▶ YOUR TASK
Only these lines of the data below are wanted: the one with "suff : 0 <= remaining", the one with "have [d d_gt0 gtP]", and any lines between them, each repeated exactly.

▶ DATA TO EXAMINE
Lemma subv_neq0 (x : 'cV[algC]_n) v : v \in S -> x v 0 != 0 -> subv x != 0.
Proof.
move=> Sv; apply: contraNneq => /matrixP /(_ (enum_rank_in Sv v) 0).
by move=> /eqP; rewrite !mxE enum_rankK_in.
Qed.

Lemma submx_eigvec (x : 'cV[algC]_n) c :
  (forall v w, v \in S -> w \notin S -> B v w * x w 0 = 0) ->
  B *m x = c *: x -> submx_sq B S *m subv x = c *: subv x.
Proof.
move=> B_x_out Bx; apply/matrixP => j z; rewrite (ord1 z) !mxE.
rewrite (_ : c * _ = (B *m x) (enum_val j) 0); last by rewrite Bx mxE.
rewrite mxE (bigID (mem S)) /= [X in _ = _ + X]big1 ?addr0 => [|w /B_x_out -> //].
  by rewrite (big_enum_val (A := mem S)); apply: eq_bigr => i _; rewrite !mxE.
exact: enum_valP.
Qed.

Lemma specrad_submx_ge (x : 'cV[algC]_n) c v :
  (forall v w, v \in S -> w \notin S -> B v w * x w 0 = 0) ->
  B *m x = c *: x -> v \in S -> x v 0 != 0 -> `|c| <= specrad (submx_sq B S).
Proof.
by move=> B_x_out Bx Sv xv; apply: specrad_ge (submx_eigvec B_x_out Bx) (subv_neq0 Sv xv).
Qed.

End Submatrices.

Definition normalized_eigvec n (A : 'M[algC]_n) (r : algC) (S : {set 'I_n})
    (y : 'cV[algC]_n) : Prop :=
  (forall v, 0 <= y v 0) /\ \sum_v `|y v 0| = 1 /\ A *m y = r *: y /\
  (forall v, v \notin S -> y v 0 = 0).

Lemma mul_unique_normalized_eigvec n (A B : 'M[algC]_n) r S x :
  (forall y, normalized_eigvec A r S y <-> y = x) ->
  nnmx B -> B *m A = A *m B -> (forall v w, v \notin S -> w \in S -> B v w = 0) ->
  B *m x = (\sum_v `|(B *m x) v 0|) *: x.
Proof.
move=> x_unique B_ge0 BA B_out; have [x_ge0 [_ [Ax x_out]]] := proj2 (x_unique x) erefl.
set y := B *m x; set s := \sum_v _.
have y_ge0 v : 0 <= y v 0 by rewrite mxE sumr_ge0 // => w _; rewrite mulr_ge0.
have y_out v : v \notin S -> y v 0 = 0.
  move=> Sv; rewrite mxE big1 // => w _.
  by have [Sw | /x_out->] := boolP (w \in S); rewrite ?mulr0 ?B_out ?mul0r.
have s_ge0 : 0 <= s by rewrite sumr_ge0.
have [s0 | nz_s] := eqVneq s 0.
  rewrite s0 scale0r; apply/matrixP => v j; rewrite (ord1 j) [RHS]mxE; apply: normr0_eq0.
  by apply: (psumr_eq0P (P := predT) (F := fun w => `|y w 0|)) => // w _.
suff <- : s^-1 *: y = x by rewrite scalerA divff ?scale1r.
apply/x_unique; split; [|split; [|split]] => [v | | | v Sv].
- by rewrite mxE mulr_ge0 ?invr_ge0.
- under eq_bigr => v _ do rewrite mxE normrM (ger0_norm (x := s^-1)) ?invr_ge0 //.
  by rewrite -mulr_sumr mulVf.
- by rewrite -scalemxAr /y mulmxA -BA -mulmxA Ax -scalemxAr scalerA mulrC -scalerA.
- by rewrite mxE y_out ?mulr0.
Qed.

Section HarmonicComponent.
Variables (k n : nat) (G : kgraph_data k n).
Hypothesis HG : is_kgraph G.

Lemma nnmx_vmx i : nnmx (vmx G i).
Proof. by move=> v w; rewrite mxE ler0n. Qed.
Lemma right_deriv_dini_ge (f : R -> R) (x l m : R) :
  right_deriv f x l -> m <= l -> lower_right_dini_ge f x m.
Proof.
move=> f_deriv m_le_l eps eps_gt0; have [d [d_gt0 f_near]] := f_deriv eps eps_gt0.
exists d => // h h_in; have /Rabs_def2 [_ slope_gt] := f_near h h_in.
have -> : f (x + h) - f x = (f (x + h) - f x) / h * h by field; lra.
apply: Rmult_le_compat_r; lra.
Qed.

Lemma right_deriv_opp (f : R -> R) (x l : R) :
  right_deriv f x l -> right_deriv (fun y => - f y) x (- l).
Proof.
move=> f_deriv eps eps_gt0; have [d [d_gt0 f_near]] := f_deriv eps eps_gt0.
exists d; split=> // h h_in.
have -> : (- f (x + h) - - f x) / h - - l = - ((f (x + h) - f x) / h - l) by field; lra.
by rewrite Rabs_Ropp; apply: f_near.
Qed.

Lemma right_deriv_increment_bounds (f : R -> R) (a b m M : R) :
  (forall x, a <= x < b -> exists2 l, m <= l <= M & right_deriv f x l) ->
  (forall x, a < x <= b -> continuity_pt f x) -> a <= b ->
  m * (b - a) <= f b - f a <= M * (b - a).
Proof.
move=> f_deriv f_cont a_le_b; split.
  apply: dini_ge_increment => // x x_in; have [l [m_le_l _] fl] := f_deriv x x_in.
  exact: right_deriv_dini_ge fl m_le_l.
suff : - M * (b - a) <= - f b - - f a by lra.
apply: (@dini_ge_increment (fun y => - f y)) => // [x x_in|x x_in].
  have [l [_ l_le_M] fl] := f_deriv x x_in.
  by apply: right_deriv_dini_ge (right_deriv_opp fl) _; lra.
exact/continuity_pt_opp/f_cont.
Qed.

HB.instance Definition _ := Monoid.isComLaw.Build R 0 Rplus
  (fun x y z => esym (Rplus_assoc x y z)) Rplus_comm Rplus_0_l.

Lemma big_Rplus_le (T : finType) (F G : T -> R) :
  (forall x, F x <= G x) -> \big[Rplus/0]_(x : T) F x <= \big[Rplus/0]_(x : T) G x.
Proof. by move=> FG; apply: (big_ind2 Rle) => // *; [lra | apply: Rplus_le_compat]. Qed.

Lemma big_Rplus_const (T : finType) (r : R) : \big[Rplus/0]_(x : T) r = INR #|T| * r.
Proof.
rewrite big_const; elim: #|T| => [|n IH]; first by rewrite /=; ring.
by rewrite iterS IH S_INR; ring.
Qed.

Lemma continuity_pt_big_Rplus (T : finType) (F : T -> R -> R) (x : R) :
  (forall y, continuity_pt (F y) x) ->
  continuity_pt (fun s => \big[Rplus/0]_(y : T) F y s) x.
Proof.
move=> F_cont; elim: (index_enum T) => [|y r IH].
  apply: (@continuity_pt_locally_ext (fun _ => 0) _ 1) => [|s _|]; first lra.
    by rewrite big_nil.
  exact: continuity_pt_const.
apply: (@continuity_pt_locally_ext (F y + fun s => \big[Rplus/0]_(z <- r) F z s)%F _ 1).
- lra.
- by move=> s _; rewrite big_cons.
- exact: continuity_pt_plus.
Qed.

Lemma top_item_ext (A I : finType) (pref : A -> rel I) (r1 r2 : I -> R) (a : A) (i : I) :
  (forall j, 0 < r1 j <-> 0 < r2 j) -> top_item pref r1 a i -> top_item pref r2 a i.
Proof.
move=> same_sign [ri_gt0 i_top]; split; first exact/same_sign.
by move=> j j_neq_i rj_gt0; apply: i_top => //; apply/same_sign.
Qed.

Lemma top_item_of_le_supply (A I : finType) (pref : A -> rel I) (r1 r2 : I -> R) (a : A) (i : I) :
  (forall j, r1 j <= r2 j) -> r1 i = r2 i -> top_item pref r2 a i -> top_item pref r1 a i.
Proof.
move=> r1_le_r2 ri_eq [ri_gt0 i_top]; split; first lra.
by move=> j j_neq_i r1j_gt0; apply: i_top => //; have := r1_le_r2 j; lra.
Qed.

Section EatingProcess.
Variables (A I : finType) (pref : A -> rel I) (active : A -> R -> Prop) (c : A -> I -> R -> R).
Hypothesis process : eating_process pref active c.

Definition eating (a : A) (i : I) (s : R) : Prop :=
  active a s /\ top_item pref (fun j => remaining c j s) a i.

Lemma remaining_at0 (i : I) : remaining c i 0 = 1.
Proof. by have [c0 _] := process; rewrite /remaining big1 => [|a _]; [ring | apply: c0]. Qed.

Lemma consumption_rate (a : A) (i : I) (s : R) :
  0 <= s -> exists2 l, 0 <= l <= 1 & right_deriv (c a i) s l.
Proof.
move=> s_ge0; have [_ [_ rates]] := process; have [eat_rate idle_rate] := rates a i s s_ge0.
by case: (classic (eating a i s)) => [/eat_rate|/idle_rate]; [exists 1 | exists 0] => //; lra.
Qed.

Lemma consumption_on_interval (a : A) (i : I) (u v l : R) :
  0 <= u <= v -> (forall x, u <= x < v -> right_deriv (c a i) x l) ->
  c a i v = c a i u + l * (v - u).
Proof.
move=> uv c_deriv; have [_ [c_cont _]] := process.
suff : l * (v - u) <= c a i v - c a i u <= l * (v - u) by lra.
apply: right_deriv_increment_bounds => [x x_in|x x_in|]; last lra.
  by exists l; [lra | apply: c_deriv].
apply: c_cont; lra.
Qed.

Lemma consumption_increment (a : A) (i : I) (u v : R) :
  0 <= u <= v -> 0 <= c a i v - c a i u <= v - u.
Proof.
move=> uv; have [_ [c_cont _]] := process.
suff : 0 * (v - u) <= c a i v - c a i u <= 1 * (v - u) by lra.
apply: right_deriv_increment_bounds => [x x_in|x x_in|]; last lra.
  by apply: consumption_rate; lra.
apply: c_cont; lra.
Qed.

Lemma remaining_increment (i : I) (u v : R) :
  0 <= u <= v ->
  remaining c i u - INR #|A| * (v - u) <= remaining c i v <= remaining c i u.
Proof.
move=> uv; rewrite /remaining.
have incr := consumption_increment _ i uv.
have : \big[Rplus/0]_a c a i v <= \big[Rplus/0]_a (c a i u + (v - u)).
  by apply: big_Rplus_le => a; have := incr a; lra.
have : \big[Rplus/0]_a c a i u <= \big[Rplus/0]_a c a i v.
  by apply: big_Rplus_le => a; have := incr a; lra.
by rewrite big_split big_Rplus_const /=; lra.
Qed.

Lemma remaining_continuous (i : I) (s : R) : 0 < s -> continuity_pt (remaining c i) s.
Proof.
move=> s_gt0; have [_ [c_cont _]] := process.
apply: (continuity_pt_minus (fun _ => 1)); first exact: continuity_pt_const.
by apply: continuity_pt_big_Rplus => a; apply: c_cont.
Qed.

Lemma remaining_eventually_gt (i : I) (s r : R) :
  0 <= s -> r < remaining c i s -> eventually_right (fun h => r < remaining c i (s + h)).
Proof.
move=> s_ge0 r_lt; have nA_ge0 := pos_INR #|A|.
pose d := (remaining c i s - r) / (INR #|A| + 1).
have d_def : d * (INR #|A| + 1) = remaining c i s - r by rewrite /d; field; lra.
exists d => [|h [h_gt0 h_lt]]; first by apply: Rdiv_lt_0_compat; lra.
have [drop _] := remaining_increment i (u := s) (v := s + h) ltac:(lra).
rewrite Rplus_minus_l in drop; nra.
Qed.

Lemma supply_sign_eventually_const (i : I) (s : R) :
  0 <= s -> eventually_right (fun h => 0 < remaining c i (s + h) <-> 0 < remaining c i s).
Proof.
move=> s_ge0; have [ri_gt0|ri_le0] := Rlt_le_dec 0 (remaining c i s).
  have [d d_gt0 pos] := remaining_eventually_gt s_ge0 ri_gt0.
  by exists d => // h h_in; split=> // _; apply: pos.
exists 1 => [|h h_in]; first lra.
have [_ decr] := remaining_increment i (u := s) (v := s + h) ltac:(lra); lra.
Qed.

Lemma consumption_eventually (s : R) :
  0 <= s -> (forall a, eventually_right (fun h => active a (s + h) <-> active a s)) ->
  eventually_right (fun h => forall a i,
    (eating a i s -> c a i (s + h) = c a i s + h) /\ (~ eating a i s -> c a i (s + h) = c a i s)).
Proof.
move=> s_ge0 active_near.
have [d d_gt0 stable] := eventually_right_and (eventually_right_forall active_near)
  (eventually_right_forall (fun j => supply_sign_eventually_const j s_ge0)).
have eating_near : forall a i h, 0 < h < d -> eating a i (s + h) <-> eating a i s.
  move=> a i h h_in; have [act_eq sign_eq] := stable h h_in.
  split=> -[act top]; split.
  - exact/(act_eq a).
  - exact: top_item_ext sign_eq top.
  - exact/(act_eq a).
  - exact: top_item_ext (fun j => iff_sym (sign_eq j)) top.
exists d => // h [h_gt0 h_lt] a i.
have eating_on : forall x, s <= x < s + h -> eating a i x <-> eating a i s.
  move=> x [[s_lt_x|<-] x_lt] //; rewrite -(Rplus_minus s x); apply: eating_near; lra.
have [_ [_ rates]] := process.
split=> eat_s.
  rewrite (@consumption_on_interval a i s (s + h) 1) => [|//|x x_in]; first ring; first lra.
  by apply: (rates a i x ltac:(lra)).1; apply/eating_on.
rewrite (@consumption_on_interval a i s (s + h) 0) => [|//|x x_in]; first ring; first lra.
by apply: (rates a i x ltac:(lra)).2 => /eating_on /eat_s.
Qed.

End EatingProcess.

Section Comparison.
Variables (A I : finType) (pref : A -> rel I) (activeN activeP : A -> R -> Prop).
Variables (cN cP : A -> I -> R -> R).
Hypotheses (processN : eating_process pref activeN cN) (processP : eating_process pref activeP cP).
Hypothesis activeP_activeN : forall a s, activeP a s -> activeN a s.
Hypothesis activeN_stable :
  forall s, 0 <= s -> forall a, eventually_right (fun h => activeN a (s + h) <-> activeN a s).
Hypothesis activeP_stable :
  forall s, 0 <= s -> forall a, eventually_right (fun h => activeP a (s + h) <-> activeP a s).

Local Notation supply_le s := (forall i, remaining cN i s <= remaining cP i s).

Lemma supply_le_left_closed (s : R) :
  0 <= s -> (forall u, 0 <= u < s -> supply_le u) -> supply_le s.
Proof.
move=> s_ge0 below i; have [s_gt0|<-] := Rle_lt_or_eq_dec 0 s s_ge0; last first.
  by rewrite (remaining_at0 processN) (remaining_at0 processP); lra.
suff : 0 <= remaining cP i s - remaining cN i s by lra.
apply: (@ge0_of_left_limit (fun u => remaining cP i u - remaining cN i u) 0 s s_gt0).
  exact (continuity_pt_minus _ _ _
    (remaining_continuous processP i s_gt0) (remaining_continuous processN i s_gt0)).
by move=> u u_in; have := below u u_in i; lra.
Qed.

Lemma consumption_le_of_supply_eq (s : R) (i : I) :
  0 <= s -> supply_le s -> remaining cN i s = remaining cP i s ->
  eventually_right (fun h => forall a, cP a i (s + h) + cN a i s <= cN a i (s + h) + cP a i s).
Proof.
move=> s_ge0 le_s eq_i.
have [d d_gt0 near] := eventually_right_and
  (consumption_eventually processN s_ge0 (activeN_stable s_ge0))
  (consumption_eventually processP s_ge0 (activeP_stable s_ge0)).
exists d => // h h_in a; have [nearN nearP] := near h h_in.
case: (classic (eating pref activeP cP a i s)) => [eatP|not_eatP].
  have eatN : eating pref activeN cN a i s.
    have [act top] := eatP.
    by split; [exact: activeP_activeN | exact: top_item_of_le_supply le_s eq_i top].
  by rewrite ((nearN a i).1 eatN) ((nearP a i).1 eatP); lra.
rewrite ((nearP a i).2 not_eatP).
have := consumption_increment processN a i (u := s) (v := s + h) ltac:(lra); lra.
Qed.

Lemma supply_le_extends_right (s : R) :
  0 <= s -> supply_le s -> eventually_right (fun h => supply_le (s + h)).
Proof.
move=> s_ge0 le_s; apply: eventually_right_forall => i.
have [lt_i|eq_i] := Rle_lt_or_eq_dec _ _ (le_s i).
  have [d d_gt0 gtP] := remaining_eventually_gt processP s_ge0 lt_i.
  exists d => // h h_in; have := gtP h h_in.
  have [_ decrN] := remaining_increment processN i (u := s) (v := s + h) ltac:(lra); lra.
have [d d_gt0 le_cons] := consumption_le_of_supply_eq s_ge0 le_s eq_i.
exists d => // h h_in; have := big_Rplus_le (le_cons h h_in).
by move: eq_i; rewrite /remaining !big_split /=; lra.
Qed.

Theorem supply_le_of_fewer_active (s : R) : 0 <= s -> supply_le s.
Proof.
apply: (@real_induction 0 (fun s => supply_le s)) => [c c_ge0|c c_ge0 upto].
  exact: supply_le_left_closed.
by apply: supply_le_extends_right => //; apply: upto; lra.
Qed.

End Comparison.

Lemma pause_active_stable (A : finType) (S : {set A}) (t : R) (e : option R) (s : R) (a : A) :
  eventually_right (fun h => pause_active S t e a (s + h) <-> pause_active S t e a s).
Proof.
have start : eventually_right (fun h => t <= s + h <-> t <= s).
  case: (Rlt_le_dec s t) => [s_lt_t|t_le_s].
    by exists (t - s) => [|h h_in]; [lra | split=> ?; lra].
  by exists 1 => [|h h_in]; [lra | split=> ?; lra].
have stop : eventually_right (fun h =>
    match e with Some t' => s + h < t' | None => True end <->
    match e with Some t' => s < t' | None => True end).
  case: e => [t'|]; last by exists 1 => [|h _]; [lra | split].
  case: (Rlt_le_dec s t') => [s_lt_t'|t'_le_s].
    by exists (t' - s) => [|h h_in]; [lra | split=> ?; lra].
  by exists 1 => [|h h_in]; [lra | split=> ?; lra].
have [d d_gt0 both] := eventually_right_and start stop.
by exists d => // h h_in; have := both h h_in; rewrite /pause_active; tauto.
Qed.
(* Let $X$ be a $*$-bimodule for a unital complex $*$-algebra $A$, let $F$ be a hermitian linear functional on $X$ (i.e. $F(x^+)=\overline{F(x)}$) and let $f$ be a positive linear functional on $A$. Suppose that for each $x\in X$ there is a constant $C_x>0$ such that $$|F(a^+\cdot x)|^2\le C_x\, f(a^+a)\quad\text{for all } a\in A.$$ Let $\rho_f$ be the GNS representation of $f$ on $\mathcal{D}_f$ with cyclic vector $\varphi_f$. Then there exists a $*$-representation $(\theta_F,\rho_f)$ of the $*$-bimodule $X$ on $\mathcal{D}_f$ such that $$F(a\cdot x\cdot b)=\langle\theta_F(x)\rho_f(b)\varphi_f,\rho_f(a^+)\varphi_f\rangle\quad\text{for all } a,b\in A,\ x\in X.$$ Moreover, if $(\theta,\rho)$ is another $*$-representation of $X$ on a complex inner product space $(\mathcal{D},(\cdot,\cdot))$ with Hilbert space completion $\mathcal{H}$ and $\psi\in\mathcal{D}$ satisfies $\rho(A)\psi=\mathcal{D}$, $f(a)=(\rho(a)\psi,\psi)$ for $a\in A$, and $F(a\cdot x\cdot b)=(\theta(x)\rho(b)\psi,\rho(a^+)\psi)$ for all $a,b\in A$, $x\in X$, then there is a unitary operator $U:\mathcal{H}_f\to\mathcal{H}$ with $U\varphi_f=\psi$, $U\mathcal{D}_f=\mathcal{D}$, $\rho(a)=U\rho_f(a)U^{-1}$ and $\theta(x)=U\theta_F(x)U^{-1}$ for all $a\in A$, $x\in X$.
   Context: A $*$-bimodule $X$ for $A$: a complex $A$-bimodule (unital left and right $A$-module with $(a\cdot x)\cdot b=a\cdot(x\cdot b)$) with conjugate-linear involution $x\mapsto x^+$, $(x^+)^+=x$, satisfying $(a\cdot x\cdot b)^+=b^+\cdot x^+\cdot a^+$. For a complex inner product space $\mathcal{D}$ with completion $\mathcal{H}$, $\mathcal{L}^+(\mathcal{D},\mathcal{H})$ is the set of linear operators $t:\mathcal{D}\to\mathcal{H}$ with $\mathcal{D}(t^* )\supseteq\mathcal{D}$, $t^+:=t^*|_{\mathcal{D}}$. A $*$-representation of $A$ on $\mathcal{D}$ is an algebra homomorphism $\rho$ into linear operators on $\mathcal{D}$ with $\langle\rho(a)\varphi,\psi\rangle=\langle\varphi,\rho(a^+)\psi\rangle$, nondegenerate if $\rho(1)=I$. A $*$-representation of $X$ on $\mathcal{D}$ is a pair $(\theta,\rho)$ with $\rho$ a nondegenerate $*$-representation of $A$ on $\mathcal{D}$ and $\theta:X\to\mathcal{L}^+(\mathcal{D},\mathcal{H})$ linear with $\theta(x^+)=\theta(x)^+$ and $\langle\theta(a\cdot x\cdot b)\varphi,\psi\rangle=\langle\theta(x)\rho(b)\varphi,\rho(a^+)\psi\rangle$ for all $a,b\in A$, $x\in X$, $\varphi,\psi\in\mathcal{D}$. GNS representation of a positive functional $f$ (i.e. $f(a^+a)\ge0$): $\mathcal{N}_f=\{a\in A: f(a^+a)=0\}$, $\mathcal{D}_f=A/\mathcal{N}_f$ with inner product $\langle a+\mathcal{N}_f,b+\mathcal{N}_f\rangle=f(b^+a)$, $\rho_f(a)(b+\mathcal{N}_f)=ab+\mathcal{N}_f$, $\varphi_f=1+\mathcal{N}_f$ (so $\mathcal{D}_f=\rho_f(A)\varphi_f$ and $f(a^+b)=\langle\rho_f(b)\varphi_f,\rho_f(a)\varphi_f\rangle$); $\mathcal{H}_f$ is the completion of $\mathcal{D}_f$. *)

From HB Require Import structures.
From mathcomp Require Import all_boot all_order all_algebra.
From mathcomp Require Import reals complex.
Set Implicit Arguments. Unset Strict Implicit. Unset Printing Implicit Defensive.
Import Order.TTheory GRing.Theory Num.Theory.
Local Open Scope ring_scope.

▶ RESPONSE FOR THIS EXERCISE
suff : 0 <= remaining cP i s - remaining cN i s by lra.
apply: (@ge0_of_left_limit (fun u => remaining cP i u - remaining cN i u) 0 s s_gt0).
  exact (continuity_pt_minus _ _ _
    (remaining_continuous processP i s_gt0) (remaining_continuous processN i s_gt0)).
by move=> u u_in; have := below u u_in i; lra.
Qed.

Lemma consumption_le_of_supply_eq (s : R) (i : I) :
  0 <= s -> supply_le s -> remaining cN i s = remaining cP i s ->
  eventually_right (fun h => forall a, cP a i (s + h) + cN a i s <= cN a i (s + h) + cP a i s).
Proof.
move=> s_ge0 le_s eq_i.
have [d d_gt0 near] := eventually_right_and
  (consumption_eventually processN s_ge0 (activeN_stable s_ge0))
  (consumption_eventually processP s_ge0 (activeP_stable s_ge0)).
exists d => // h h_in a; have [nearN nearP] := near h h_in.
case: (classic (eating pref activeP cP a i s)) => [eatP|not_eatP].
  have eatN : eating pref activeN cN a i s.
    have [act top] := eatP.
    by split; [exact: activeP_activeN | exact: top_item_of_le_supply le_s eq_i top].
  by rewrite ((nearN a i).1 eatN) ((nearP a i).1 eatP); lra.
rewrite ((nearP a i).2 not_eatP).
have := consumption_increment processN a i (u := s) (v := s + h) ltac:(lra); lra.
Qed.

Lemma supply_le_extends_right (s : R) :
  0 <= s -> supply_le s -> eventually_right (fun h => supply_le (s + h)).
Proof.
move=> s_ge0 le_s; apply: eventually_right_forall => i.
have [lt_i|eq_i] := Rle_lt_or_eq_dec _ _ (le_s i).
  have [d d_gt0 gtP] := remaining_eventually_gt processP s_ge0 lt_i.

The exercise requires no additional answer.